In order to obtain unilamellar liposomes with more controlled features, microfluidic devices have been combined with water-in-oil (W/O) droplet emulsions. In 2006, Lee et al.⁶⁸ demonstrated a shear-focusing-based emulsion generation system for preparing unilamellar liposomes, as shown in Fig. 7A. In this work, the droplet emulsions containing the target encapsulated species were first produced in the microfluidic channel, followed by injection into an aqueous mixture of ethanol and water. As the oil (oleic acid) rapidly dissolved in ethanol, the organic solvent could be removed immediately, which facilitated the separation of the phospholipids from the liquid lipids, thus forcing the phospholipids to rearrange around the emulsion to obtain the vesicles. By using this method, various biological substances (e.g., cancer cells, yeast cells, nanosized proteins) could be efficiently encapsulated in the liposomes. Later, Paegel et al.⁶⁹ developed a microfluidic assembly line for the stepwise synthesis of unilamellar liposomes (Fig. 7B). Droplet emulsions generated in a flow-focusing geometry flowed to a junction where a stable and reproducible flow-patterned interface was established from the oil and extracellular aqueous media. Continuous production of unilamellar liposomes was generated by a triangular post-mediated emulsion phase transfer process. In this way, unilamellar phospholipid vesicles with uniform and tunable size were realized, and the encapsulation efficiency of small-molecule cargoes was high (83%) compared to the bulk strategies such as gentle hydration and electroformation.

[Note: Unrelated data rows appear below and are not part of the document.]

(* Let $d\ge3$, let $\mathcal{H}_A=\mathcal{H}_B=\mathbb{C}^d$ with fixed orthonormal bases, and $\mathcal{H}=\mathcal{H}_A\otimes\mathcal{H}_B$. None of the Werner states $\rho_W(t)=1-tF$ with $t\in(1/d,1/2]$ is $2$-distillable if and only if $$\|X\otimes U+Y\otimes V\|^2-\tfrac12\|X^TU+Y^TV\|^2-\tfrac12\|UX^T+VY^T\|^2+\tfrac14|\operatorname{tr}(X^TU+Y^TV)|^2\ge0$$ for all $X,Y,U,V\in M_d(\mathbb{C})$.
   Context: The flip operator is $F=\sum_{i,j}|i,j\rangle\langle j,i|$ on $\mathcal{H}$; its partial transpose is $dP$ with $P=\frac1d\sum_{i,j}|i,i\rangle\langle j,j|$, so the partial transpose of $\rho_W(t)$ is $1-tdP$. A bipartite state $\rho$ on $\mathcal{H}$ is called $k$-distillable if there exists a (non-normalized) vector $|\psi\rangle\in\mathcal{H}^{\otimes k}$, regarded as a bipartite vector in $\mathcal{H}_A^{\otimes k}\otimes\mathcal{H}_B^{\otimes k}$, of Schmidt rank at most two such that $\langle\psi|\sigma^{\otimes k}|\psi\rangle<0$, where $\sigma=1\otimes T(\rho)$ is the partial transpose of $\rho$. $\|Z\|^2=\operatorname{tr}(Z^\dagger Z)$ is the Frobenius norm, and $A\otimes B=[a_{ij}B]$ for $A=[a_{ij}]$. *)

From HB Require Import structures.
From mathcomp Require Import all_boot all_order all_algebra.
From mathcomp Require Import reals.
From mathcomp Require Import complex mxtens.

Set Implicit Arguments.
Unset Strict Implicit.
Unset Printing Implicit Defensive.

Import Order.TTheory GRing.Theory Num.Theory.
Local Open Scope ring_scope.
Local Open Scope complex_scope.

Section QuantumDefs.
Variable R : realType.
Local Notation C := (R[i]).

(* H = H_A (x) H_B = C^d (x) C^d, basis |i,j> = e_i (x) e_j, stored at index
   mxtens_index (i, j) = i*d + j  (Kronecker convention A (x) B = [a_ij B]). *)

Definition adjmx {m n} (Z : 'M[C]_(m, n)) : 'M[C]_(n, m) := (map_mx conjc Z)^T.

Definition fnorm2 {n} (Z : 'M[C]_n) : C := \tr (adjmx Z *m Z).

Definition flip (d : nat) : 'M[C]_(d * d) :=
  \matrix_(p, q) (if ((mxtens_unindex p).1 == (mxtens_unindex q).2)
                    && ((mxtens_unindex p).2 == (mxtens_unindex q).1)
                  then 1 else 0).

(* Werner state rho_W(t) = 1 - t F  (non-normalized) *)
Definition werner (d : nat) (t : R) : 'M[C]_(d * d) := 1%:M - t%:C *: flip d.

Definition ptrans (d : nat) (rho : 'M[C]_(d * d)) : 'M[C]_(d * d) :=
  \matrix_(p, q) rho (mxtens_index ((mxtens_unindex p).1, (mxtens_unindex q).2))
                     (mxtens_index ((mxtens_unindex q).1, (mxtens_unindex p).2)).

(* A vector psi in H^{(x)2} = (H_A (x) H_B) (x) (H_A (x) H_B), with coordinates
   psi_{(a1,b1),(a2,b2)}, regarded as a bipartite vector in
   (H_A (x) H_A) (x) (H_B (x) H_B): its coefficient matrix
   M_{(a1,a2),(b1,b2)} = psi_{(a1,b1),(a2,b2)}. *)
Definition bipartite_coef (d : nat) (psi : 'cV[C]_((d * d) * (d * d)))
  : 'M[C]_(d * d, d * d) :=
  \matrix_(a, b)
    psi (mxtens_index
           (mxtens_index ((mxtens_unindex a).1, (mxtens_unindex b).1),
            mxtens_index ((mxtens_unindex a).2, (mxtens_unindex b).2))) 0.

Definition schmidt_rank2 (d : nat) (psi : 'cV[C]_((d * d) * (d * d))) : nat :=
  \rank (bipartite_coef psi).

Definition two_distillable (d : nat) (rho : 'M[C]_(d * d)) : Prop :=
  exists psi : 'cV[C]_((d * d) * (d * d)),
    (schmidt_rank2 psi <= 2)%N /\
    (adjmx psi *m (ptrans rho *t ptrans rho) *m psi) 0 0 < 0.

End QuantumDefs.

(* Partial transposition turns [1 - t F] into [1 - t w w^T], with [w = sum_i |i,i>]. The
   vectors of Schmidt rank at most two are exactly the [vec (X (x) U + Y (x) V)], and on them
   the expectation of [sigma (x) sigma] is [|P|^2 - t (|M|^2 + |N|^2) + t^2 |tr M|^2] with
   [P = X (x) U + Y (x) V], [M = X^T U + Y^T V], [N = U X^T + V Y^T]; at [t = 1/2] this is the
   form of the theorem. For [t <= 1/2] it is a nonnegative combination of its value at [1/2]
   and of [2 |P|^2 - |tr M|^2]. The latter is nonnegative because [tr M] is the trace of the
   rank-two realignment [vec X (vec U)^T + vec Y (vec V)^T] of [P], which has the same norm,
   and [|tr Q|^2 <= rank Q |Q|^2] (here by Gram-Schmidt and Cauchy-Schwarz). *)

From HB Require Import structures.
From mathcomp Require Import all_boot all_order all_algebra.
From mathcomp Require Import reals.
From mathcomp Require Import complex mxtens.
From mathcomp Require Import ring lra.
Import Order.TTheory GRing.Theory Num.Theory.
Local Open Scope ring_scope.
Set Implicit Arguments.
Unset Strict Implicit.
Unset Printing Implicit Defensive.

Lemma sum_mxtens_index (V : nmodType) m n (F : 'I_(m * n) -> V) :
  \sum_k F k = \sum_i \sum_j F (mxtens_index (i, j)).
Proof.
rewrite pair_big (reindex (@mxtens_index m n)) /=; last first.
  by exists (@mxtens_unindex m n) => k _; rewrite (mxtens_indexK, mxtens_unindexK).
by apply: eq_bigr => -[i j].
Qed.

Section Vectorization.
Variable C : comPzRingType.

Definition vecmx m n (P : 'M[C]_(m, n)) : 'cV[C]_(m * n) :=
  \col_k P (mxtens_unindex k).1 (mxtens_unindex k).2.

Definition unvecmx m n (v : 'cV[C]_(m * n)) : 'M[C]_(m, n) :=
  \matrix_(i, j) v (mxtens_index (i, j)) 0.

Lemma vecmxE m n (P : 'M[C]_(m, n)) i j : vecmx P (mxtens_index (i, j)) 0 = P i j.
Proof. by rewrite mxE mxtens_indexK. Qed.

Lemma vecmxK m n : cancel (@vecmx m n) (@unvecmx m n).
Proof. by move=> P; apply/matrixP => i j; rewrite mxE vecmxE. Qed.

Lemma unvecmxK m n : cancel (@unvecmx m n) (@vecmx m n).
Proof.
move=> v; apply/matrixP => k l; rewrite ord1.
by case: (mxtens_indexP k) => i j; rewrite vecmxE mxE.
Qed.

Lemma vecmxD m n (P Q : 'M[C]_(m, n)) : vecmx (P + Q) = vecmx P + vecmx Q.
Proof. by apply/matrixP => k l; rewrite !mxE. Qed.

Lemma trmx_vecmx_mul m n (P Q : 'M[C]_(m, n)) :
  (vecmx P)^T *m vecmx Q = (\tr (P^T *m Q))%:M.
Proof.
apply/matrixP => i j; rewrite !ord1 !mxE /= mulr1n sum_mxtens_index exchange_big /=.
by apply: eq_bigr => b _; rewrite !mxE; apply: eq_bigr => a _; rewrite !mxE !mxtens_indexK.
Qed.

Lemma tens_mul_vecmx m n p q (A : 'M[C]_(m, p)) (B : 'M[C]_(n, q)) (P : 'M[C]_(p, q)) :
  (A *t B) *m vecmx P = vecmx (A *m P *m B^T).
Proof.
apply/matrixP => k l; rewrite ord1; case: (mxtens_indexP k) => i j.
rewrite vecmxE mxE sum_mxtens_index !mxE.
under [RHS]eq_bigr => b _ do rewrite !mxE mulr_suml.
rewrite exchange_big /=; apply: eq_bigr => b _; apply: eq_bigr => a _.
by rewrite tensmxE vecmxE; ring.
Qed.

End Vectorization.

Lemma mxrank_le2_decomp (F : fieldType) m k (A : 'M[F]_(m, k)) : (\rank A <= 2)%N ->
  exists (x y : 'cV[F]_m) (u v : 'rV[F]_k), A = x *m u + y *m v.
Proof.
rewrite -{2}(mulmx_base A); move: (col_base A) (row_base A).
case: (\rank A) => [|[|[|r]]] // Cb Db _.
- by exists 0, 0, 0, 0; rewrite (thinmx0 Cb) !mul0mx addr0.
- by exists Cb, 0, Db, 0; rewrite mul0mx addr0.
- exists (col 0 Cb), (col 1 Cb), (row 0 Db), (row 1 Db).
  apply/matrixP => i j; rewrite !mxE !big_ord_recl !big_ord0 !addr0 !mxE.
  by congr (_ * _ + Cb i _ * Db _ j); apply: val_inj.
Qed.

Section RankTwoTraceBound.
Variables (C : numClosedFieldType) (I : finType).
Implicit Types f g x y u v : I -> C.

Definition dotc f g : C := \sum_k (f k)^* * g k.
Definition dotb f g : C := \sum_k f k * g k.
Local Notation norm2 f := (dotc f f).

Lemma norm2_ge0 f : 0 <= norm2 f.
Proof. by apply: sumr_ge0 => k _; rewrite mulrC mul_conjC_ge0. Qed.

Lemma norm2_eq0 f : norm2 f = 0 -> forall k, f k = 0.
Proof.
move=> /eqP; rewrite psumr_eq0 => [/allP f0 k|k _]; last by rewrite mulrC mul_conjC_ge0.
have /f0 : k \in index_enum I by rewrite mem_index_enum.
by rewrite /= mulf_eq0 conjC_eq0 orbb => /eqP.
Qed.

Fig. 7 Unilamellar liposomes prepared from the emulsion templated method with the assistance of microfluidic devices. (A) A shear-focusing-based emulsion generation system for preparing unilamellar liposomes.⁶⁸ Copyright © 2006, American Chemical Society. (B) Microfluidic assembly line for the stepwise synthesis of unilamellar liposomes.⁶⁹ Copyright © 2011, American Chemical Society. (C) Microfluidic channel for preparing asymmetric giant unilamellar vesicles.⁷⁰ Copyright © 2011, American Chemical Society.

Microfluidic methods could also be applied to prepare asymmetric liposomes. In 2011, Malmstadt et al.⁷⁰ reported a microfluidic channel for preparing compositionally asymmetric giant unilamellar vesicles (Fig. 7C). The droplet emulsions of one aqueous flow were generated in a channel containing an immiscible oil stream, and the first lipid monolayer of the emulsions was formed. When these monolayer-coated emulsions pass through the second oil–water interface, the second monolayer comprising another lipid was formed. Finally, vesicles with desired encapsulated contents and controlled composition of lipids were formed with centrifugation, which may find potential applications in the investigation of membrane biophysics. Later, a novel microfluidic platform with a channel meander was also developed to generate compositionally controlled unilamellar liposomes.⁷¹ The bending rigidity of these vesicles showed that asymmetry has a significant effect on the mechanical properties.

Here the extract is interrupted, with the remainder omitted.